:: Task ::
Reproduce, from the lines below, exactly the stretch that begins at the line containing "rewrite mxE (bigD1 (xor8 i" and ends at the line containing "rewrite (reindex (fun", both included.

*** Extracted data ***

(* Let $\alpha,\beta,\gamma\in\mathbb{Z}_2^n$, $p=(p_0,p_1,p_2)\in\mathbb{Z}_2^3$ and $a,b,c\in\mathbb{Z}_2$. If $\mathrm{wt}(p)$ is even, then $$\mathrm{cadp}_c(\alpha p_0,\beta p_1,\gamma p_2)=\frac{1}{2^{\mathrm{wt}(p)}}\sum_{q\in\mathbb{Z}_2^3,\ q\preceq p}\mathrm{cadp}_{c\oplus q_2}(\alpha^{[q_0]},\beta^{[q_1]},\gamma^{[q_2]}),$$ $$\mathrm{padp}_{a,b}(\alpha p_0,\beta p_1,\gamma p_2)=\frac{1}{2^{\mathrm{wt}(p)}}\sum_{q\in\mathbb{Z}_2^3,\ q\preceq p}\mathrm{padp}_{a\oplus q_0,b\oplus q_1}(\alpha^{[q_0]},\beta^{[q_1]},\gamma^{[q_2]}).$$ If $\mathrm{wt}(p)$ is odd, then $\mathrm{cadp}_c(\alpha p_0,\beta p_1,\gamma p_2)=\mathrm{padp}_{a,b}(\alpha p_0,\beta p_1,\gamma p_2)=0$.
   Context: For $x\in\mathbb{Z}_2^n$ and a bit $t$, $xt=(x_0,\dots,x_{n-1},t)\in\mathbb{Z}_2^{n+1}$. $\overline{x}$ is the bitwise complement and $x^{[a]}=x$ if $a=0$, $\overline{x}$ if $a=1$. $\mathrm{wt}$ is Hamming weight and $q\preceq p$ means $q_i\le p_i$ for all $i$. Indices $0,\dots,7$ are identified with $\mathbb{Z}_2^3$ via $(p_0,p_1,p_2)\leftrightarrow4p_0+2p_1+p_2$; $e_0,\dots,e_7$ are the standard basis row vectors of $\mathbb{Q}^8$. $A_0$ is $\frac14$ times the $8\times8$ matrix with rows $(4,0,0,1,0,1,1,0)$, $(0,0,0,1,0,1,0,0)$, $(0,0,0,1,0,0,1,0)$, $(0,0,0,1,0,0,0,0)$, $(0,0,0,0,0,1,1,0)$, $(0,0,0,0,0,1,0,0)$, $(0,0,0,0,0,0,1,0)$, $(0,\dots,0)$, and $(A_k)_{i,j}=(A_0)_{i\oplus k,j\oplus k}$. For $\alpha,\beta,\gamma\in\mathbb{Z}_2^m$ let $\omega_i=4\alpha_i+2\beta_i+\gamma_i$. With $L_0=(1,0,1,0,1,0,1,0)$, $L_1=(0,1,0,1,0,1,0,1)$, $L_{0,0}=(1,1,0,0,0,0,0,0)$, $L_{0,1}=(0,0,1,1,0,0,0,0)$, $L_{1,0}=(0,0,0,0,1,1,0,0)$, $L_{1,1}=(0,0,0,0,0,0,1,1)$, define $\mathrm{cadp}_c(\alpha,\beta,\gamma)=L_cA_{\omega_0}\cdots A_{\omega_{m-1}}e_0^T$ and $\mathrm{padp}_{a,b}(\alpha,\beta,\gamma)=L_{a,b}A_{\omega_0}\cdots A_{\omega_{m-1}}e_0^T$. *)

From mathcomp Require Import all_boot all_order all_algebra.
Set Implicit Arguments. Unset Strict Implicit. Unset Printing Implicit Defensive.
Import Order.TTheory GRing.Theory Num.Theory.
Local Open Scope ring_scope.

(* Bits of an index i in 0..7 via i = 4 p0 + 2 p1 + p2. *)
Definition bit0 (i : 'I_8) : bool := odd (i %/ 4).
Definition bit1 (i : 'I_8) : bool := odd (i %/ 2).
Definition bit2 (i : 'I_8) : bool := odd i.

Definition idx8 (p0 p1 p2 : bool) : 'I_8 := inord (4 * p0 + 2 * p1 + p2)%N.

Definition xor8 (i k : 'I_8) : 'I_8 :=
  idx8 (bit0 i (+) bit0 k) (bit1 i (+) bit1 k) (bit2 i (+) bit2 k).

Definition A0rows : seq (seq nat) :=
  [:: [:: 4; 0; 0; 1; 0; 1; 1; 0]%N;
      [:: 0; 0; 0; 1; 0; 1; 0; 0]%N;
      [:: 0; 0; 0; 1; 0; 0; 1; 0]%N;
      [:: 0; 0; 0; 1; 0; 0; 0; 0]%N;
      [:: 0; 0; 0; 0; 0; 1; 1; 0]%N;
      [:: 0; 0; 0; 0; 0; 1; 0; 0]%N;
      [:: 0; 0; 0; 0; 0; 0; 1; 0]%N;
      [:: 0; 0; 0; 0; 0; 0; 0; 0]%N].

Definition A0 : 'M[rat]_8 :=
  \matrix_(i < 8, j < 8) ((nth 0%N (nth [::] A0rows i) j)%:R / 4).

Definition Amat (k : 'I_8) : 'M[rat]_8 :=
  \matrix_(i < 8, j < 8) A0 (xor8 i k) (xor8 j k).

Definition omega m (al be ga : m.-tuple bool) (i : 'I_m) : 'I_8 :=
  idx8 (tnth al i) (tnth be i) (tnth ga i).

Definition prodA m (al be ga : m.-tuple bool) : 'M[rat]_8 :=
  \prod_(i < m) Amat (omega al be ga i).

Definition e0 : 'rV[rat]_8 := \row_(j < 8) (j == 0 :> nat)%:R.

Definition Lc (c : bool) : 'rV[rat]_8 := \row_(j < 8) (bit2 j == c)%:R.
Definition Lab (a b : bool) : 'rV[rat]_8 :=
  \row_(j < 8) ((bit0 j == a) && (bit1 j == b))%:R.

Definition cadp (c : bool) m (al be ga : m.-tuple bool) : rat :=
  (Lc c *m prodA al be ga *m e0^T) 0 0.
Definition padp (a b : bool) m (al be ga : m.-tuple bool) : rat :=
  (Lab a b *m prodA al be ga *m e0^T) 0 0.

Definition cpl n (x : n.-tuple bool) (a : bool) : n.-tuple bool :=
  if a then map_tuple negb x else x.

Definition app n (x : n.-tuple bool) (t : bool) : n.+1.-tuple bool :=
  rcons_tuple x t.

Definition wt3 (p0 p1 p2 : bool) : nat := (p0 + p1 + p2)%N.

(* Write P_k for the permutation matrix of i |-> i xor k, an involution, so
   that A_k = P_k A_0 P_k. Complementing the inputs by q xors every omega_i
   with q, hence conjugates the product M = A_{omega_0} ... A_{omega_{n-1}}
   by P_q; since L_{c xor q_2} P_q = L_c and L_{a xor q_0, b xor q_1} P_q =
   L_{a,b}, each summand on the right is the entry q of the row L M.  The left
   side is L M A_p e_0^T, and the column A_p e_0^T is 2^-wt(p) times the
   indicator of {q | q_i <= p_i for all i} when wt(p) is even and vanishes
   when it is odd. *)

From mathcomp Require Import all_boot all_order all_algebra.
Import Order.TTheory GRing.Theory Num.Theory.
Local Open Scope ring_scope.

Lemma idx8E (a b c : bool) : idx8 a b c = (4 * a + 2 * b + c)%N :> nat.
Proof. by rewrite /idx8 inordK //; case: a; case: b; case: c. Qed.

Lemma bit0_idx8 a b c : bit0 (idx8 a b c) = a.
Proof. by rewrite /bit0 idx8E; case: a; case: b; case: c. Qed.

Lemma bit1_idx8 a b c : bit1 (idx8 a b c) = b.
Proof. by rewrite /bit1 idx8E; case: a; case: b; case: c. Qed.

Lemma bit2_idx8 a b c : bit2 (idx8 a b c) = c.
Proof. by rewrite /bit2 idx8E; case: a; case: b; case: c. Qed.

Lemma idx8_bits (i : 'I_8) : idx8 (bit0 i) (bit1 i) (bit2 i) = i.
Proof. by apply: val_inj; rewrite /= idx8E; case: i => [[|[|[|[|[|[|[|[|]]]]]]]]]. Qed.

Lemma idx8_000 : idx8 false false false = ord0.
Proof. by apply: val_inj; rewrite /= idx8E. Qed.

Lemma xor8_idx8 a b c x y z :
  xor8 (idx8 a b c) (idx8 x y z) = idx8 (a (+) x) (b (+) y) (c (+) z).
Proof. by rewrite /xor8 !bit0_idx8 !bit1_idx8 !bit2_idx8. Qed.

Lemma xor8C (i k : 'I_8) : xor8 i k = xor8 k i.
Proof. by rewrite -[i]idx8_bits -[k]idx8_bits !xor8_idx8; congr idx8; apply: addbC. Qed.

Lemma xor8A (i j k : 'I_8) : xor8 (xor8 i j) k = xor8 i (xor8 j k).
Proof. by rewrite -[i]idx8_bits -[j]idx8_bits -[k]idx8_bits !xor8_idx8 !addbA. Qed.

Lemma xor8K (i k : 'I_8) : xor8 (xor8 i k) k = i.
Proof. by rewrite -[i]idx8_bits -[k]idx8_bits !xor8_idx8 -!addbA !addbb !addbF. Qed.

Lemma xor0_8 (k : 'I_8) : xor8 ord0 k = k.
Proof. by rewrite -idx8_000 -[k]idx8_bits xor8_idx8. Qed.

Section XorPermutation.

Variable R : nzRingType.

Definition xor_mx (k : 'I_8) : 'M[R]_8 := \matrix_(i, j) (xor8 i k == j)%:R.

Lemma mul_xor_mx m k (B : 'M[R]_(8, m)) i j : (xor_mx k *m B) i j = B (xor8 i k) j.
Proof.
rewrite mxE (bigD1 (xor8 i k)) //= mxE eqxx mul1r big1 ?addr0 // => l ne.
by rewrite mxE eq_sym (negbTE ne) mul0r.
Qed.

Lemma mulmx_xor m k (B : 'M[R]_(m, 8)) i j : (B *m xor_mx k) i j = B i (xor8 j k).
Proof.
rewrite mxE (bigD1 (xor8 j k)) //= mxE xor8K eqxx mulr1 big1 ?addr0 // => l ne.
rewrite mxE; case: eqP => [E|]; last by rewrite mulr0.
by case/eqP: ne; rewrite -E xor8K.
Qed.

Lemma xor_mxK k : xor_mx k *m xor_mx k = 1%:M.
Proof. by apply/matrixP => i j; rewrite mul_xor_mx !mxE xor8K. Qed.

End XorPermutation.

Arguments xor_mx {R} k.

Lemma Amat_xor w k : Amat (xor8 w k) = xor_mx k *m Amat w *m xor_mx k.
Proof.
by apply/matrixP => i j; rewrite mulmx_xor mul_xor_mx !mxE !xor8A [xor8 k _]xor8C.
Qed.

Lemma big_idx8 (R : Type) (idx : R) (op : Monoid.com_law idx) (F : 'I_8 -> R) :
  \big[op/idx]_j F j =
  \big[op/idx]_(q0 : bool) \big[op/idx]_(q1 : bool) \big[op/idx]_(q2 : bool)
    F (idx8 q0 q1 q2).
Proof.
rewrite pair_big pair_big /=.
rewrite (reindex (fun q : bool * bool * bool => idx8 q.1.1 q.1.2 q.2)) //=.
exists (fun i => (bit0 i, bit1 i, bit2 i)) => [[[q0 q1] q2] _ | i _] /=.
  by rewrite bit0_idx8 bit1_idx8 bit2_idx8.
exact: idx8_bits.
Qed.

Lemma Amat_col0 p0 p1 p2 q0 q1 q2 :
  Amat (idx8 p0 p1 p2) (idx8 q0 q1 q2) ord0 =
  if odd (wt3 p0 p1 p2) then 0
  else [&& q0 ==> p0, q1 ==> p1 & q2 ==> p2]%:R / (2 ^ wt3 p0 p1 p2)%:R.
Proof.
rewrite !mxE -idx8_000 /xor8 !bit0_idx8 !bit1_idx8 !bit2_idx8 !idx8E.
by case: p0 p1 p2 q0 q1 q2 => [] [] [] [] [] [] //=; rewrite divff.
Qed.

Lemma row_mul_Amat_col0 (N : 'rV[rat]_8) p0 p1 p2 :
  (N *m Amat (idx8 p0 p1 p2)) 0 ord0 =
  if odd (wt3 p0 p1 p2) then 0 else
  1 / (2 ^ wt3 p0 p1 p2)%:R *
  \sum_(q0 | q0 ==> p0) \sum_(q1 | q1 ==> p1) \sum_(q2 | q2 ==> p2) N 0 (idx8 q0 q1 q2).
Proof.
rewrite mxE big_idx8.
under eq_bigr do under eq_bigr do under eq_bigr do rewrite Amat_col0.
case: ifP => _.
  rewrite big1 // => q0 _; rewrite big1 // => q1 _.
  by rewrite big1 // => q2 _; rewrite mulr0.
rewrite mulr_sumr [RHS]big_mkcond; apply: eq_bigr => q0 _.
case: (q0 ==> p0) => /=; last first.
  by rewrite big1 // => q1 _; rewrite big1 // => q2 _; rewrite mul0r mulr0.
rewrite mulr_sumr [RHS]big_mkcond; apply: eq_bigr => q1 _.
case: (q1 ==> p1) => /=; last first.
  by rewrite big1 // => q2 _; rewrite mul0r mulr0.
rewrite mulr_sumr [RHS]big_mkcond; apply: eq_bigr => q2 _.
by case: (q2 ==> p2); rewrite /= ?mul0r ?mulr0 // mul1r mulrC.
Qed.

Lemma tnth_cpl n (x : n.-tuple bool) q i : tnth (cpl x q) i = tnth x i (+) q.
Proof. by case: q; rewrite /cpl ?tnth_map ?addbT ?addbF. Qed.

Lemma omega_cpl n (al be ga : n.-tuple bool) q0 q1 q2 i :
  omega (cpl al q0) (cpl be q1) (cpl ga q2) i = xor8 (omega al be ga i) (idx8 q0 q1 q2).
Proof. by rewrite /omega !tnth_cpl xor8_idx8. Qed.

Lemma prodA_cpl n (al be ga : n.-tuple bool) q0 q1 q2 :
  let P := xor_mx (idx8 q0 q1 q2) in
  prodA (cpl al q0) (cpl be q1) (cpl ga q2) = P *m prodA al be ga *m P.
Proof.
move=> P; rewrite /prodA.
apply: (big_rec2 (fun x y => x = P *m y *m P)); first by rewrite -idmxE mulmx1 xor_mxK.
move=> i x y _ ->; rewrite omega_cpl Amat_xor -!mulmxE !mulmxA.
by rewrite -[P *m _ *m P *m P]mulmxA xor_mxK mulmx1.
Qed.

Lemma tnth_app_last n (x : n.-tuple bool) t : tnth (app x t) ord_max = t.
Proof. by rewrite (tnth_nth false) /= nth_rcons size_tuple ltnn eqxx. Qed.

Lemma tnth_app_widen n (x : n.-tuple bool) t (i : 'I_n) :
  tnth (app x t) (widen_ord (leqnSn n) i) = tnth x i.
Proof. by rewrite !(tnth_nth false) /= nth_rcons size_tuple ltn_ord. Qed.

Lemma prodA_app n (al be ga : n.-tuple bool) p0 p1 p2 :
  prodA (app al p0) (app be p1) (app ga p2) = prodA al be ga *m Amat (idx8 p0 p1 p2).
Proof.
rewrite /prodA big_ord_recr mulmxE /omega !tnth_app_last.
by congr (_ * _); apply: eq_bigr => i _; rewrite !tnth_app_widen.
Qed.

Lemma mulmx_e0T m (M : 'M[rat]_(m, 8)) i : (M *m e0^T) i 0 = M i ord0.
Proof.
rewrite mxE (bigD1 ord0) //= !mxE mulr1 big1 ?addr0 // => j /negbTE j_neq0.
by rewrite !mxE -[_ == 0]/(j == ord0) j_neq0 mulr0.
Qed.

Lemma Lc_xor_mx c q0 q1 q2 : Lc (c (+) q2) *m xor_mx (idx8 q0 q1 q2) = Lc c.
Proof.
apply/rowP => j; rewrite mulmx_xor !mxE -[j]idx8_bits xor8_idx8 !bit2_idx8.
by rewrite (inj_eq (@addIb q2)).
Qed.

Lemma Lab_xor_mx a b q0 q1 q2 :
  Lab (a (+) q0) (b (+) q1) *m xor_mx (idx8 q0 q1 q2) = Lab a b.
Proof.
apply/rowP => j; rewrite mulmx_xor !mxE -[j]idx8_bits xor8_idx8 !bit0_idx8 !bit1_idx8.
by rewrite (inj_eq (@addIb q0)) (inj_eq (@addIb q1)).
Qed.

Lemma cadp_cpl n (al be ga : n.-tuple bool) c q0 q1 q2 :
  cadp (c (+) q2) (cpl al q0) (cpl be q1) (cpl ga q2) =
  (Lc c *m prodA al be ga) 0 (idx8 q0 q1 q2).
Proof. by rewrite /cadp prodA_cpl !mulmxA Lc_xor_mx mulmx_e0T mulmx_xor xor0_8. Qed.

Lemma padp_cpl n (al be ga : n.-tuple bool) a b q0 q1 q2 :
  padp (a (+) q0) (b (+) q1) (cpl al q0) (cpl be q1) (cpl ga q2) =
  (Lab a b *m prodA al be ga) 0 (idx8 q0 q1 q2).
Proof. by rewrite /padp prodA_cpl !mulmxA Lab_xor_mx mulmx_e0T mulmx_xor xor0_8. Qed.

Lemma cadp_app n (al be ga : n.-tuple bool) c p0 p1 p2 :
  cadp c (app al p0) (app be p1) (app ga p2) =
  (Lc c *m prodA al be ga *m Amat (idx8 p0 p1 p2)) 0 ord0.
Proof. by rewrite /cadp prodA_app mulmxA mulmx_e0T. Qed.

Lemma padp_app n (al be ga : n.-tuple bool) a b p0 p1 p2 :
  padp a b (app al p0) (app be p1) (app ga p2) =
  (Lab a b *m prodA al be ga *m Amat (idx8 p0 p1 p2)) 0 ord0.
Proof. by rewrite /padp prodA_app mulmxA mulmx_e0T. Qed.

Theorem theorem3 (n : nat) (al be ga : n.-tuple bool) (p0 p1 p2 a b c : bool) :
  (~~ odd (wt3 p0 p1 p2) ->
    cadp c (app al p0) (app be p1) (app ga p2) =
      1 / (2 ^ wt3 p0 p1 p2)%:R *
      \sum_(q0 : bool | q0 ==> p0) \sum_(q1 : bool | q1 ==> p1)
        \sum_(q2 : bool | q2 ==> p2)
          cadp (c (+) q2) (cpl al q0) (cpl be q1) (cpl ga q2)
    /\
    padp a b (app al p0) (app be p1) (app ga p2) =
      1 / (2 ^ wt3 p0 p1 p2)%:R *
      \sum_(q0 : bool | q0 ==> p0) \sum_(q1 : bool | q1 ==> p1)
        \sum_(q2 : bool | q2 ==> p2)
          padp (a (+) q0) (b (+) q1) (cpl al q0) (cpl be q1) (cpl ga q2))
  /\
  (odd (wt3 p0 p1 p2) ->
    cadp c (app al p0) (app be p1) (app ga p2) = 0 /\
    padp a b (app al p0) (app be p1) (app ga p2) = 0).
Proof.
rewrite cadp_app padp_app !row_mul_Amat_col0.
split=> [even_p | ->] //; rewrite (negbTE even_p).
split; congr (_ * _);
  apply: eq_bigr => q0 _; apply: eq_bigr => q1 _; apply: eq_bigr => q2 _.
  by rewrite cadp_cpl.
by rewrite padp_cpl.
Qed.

***

:: Result for this task ::
rewrite mxE (bigD1 (xor8 i k)) //= mxE eqxx mul1r big1 ?addr0 // => l ne.
by rewrite mxE eq_sym (negbTE ne) mul0r.
Qed.

Lemma mulmx_xor m k (B : 'M[R]_(m, 8)) i j : (B *m xor_mx k) i j = B i (xor8 j k).
Proof.
rewrite mxE (bigD1 (xor8 j k)) //= mxE xor8K eqxx mulr1 big1 ?addr0 // => l ne.
rewrite mxE; case: eqP => [E|]; last by rewrite mulr0.
by case/eqP: ne; rewrite -E xor8K.
Qed.

Lemma xor_mxK k : xor_mx k *m xor_mx k = 1%:M.
Proof. by apply/matrixP => i j; rewrite mul_xor_mx !mxE xor8K. Qed.

End XorPermutation.

Arguments xor_mx {R} k.

Lemma Amat_xor w k : Amat (xor8 w k) = xor_mx k *m Amat w *m xor_mx k.
Proof.
by apply/matrixP => i j; rewrite mulmx_xor mul_xor_mx !mxE !xor8A [xor8 k _]xor8C.
Qed.

Lemma big_idx8 (R : Type) (idx : R) (op : Monoid.com_law idx) (F : 'I_8 -> R) :
  \big[op/idx]_j F j =
  \big[op/idx]_(q0 : bool) \big[op/idx]_(q1 : bool) \big[op/idx]_(q2 : bool)
    F (idx8 q0 q1 q2).
Proof.
rewrite pair_big pair_big /=.
rewrite (reindex (fun q : bool * bool * bool => idx8 q.1.1 q.1.2 q.2)) //=.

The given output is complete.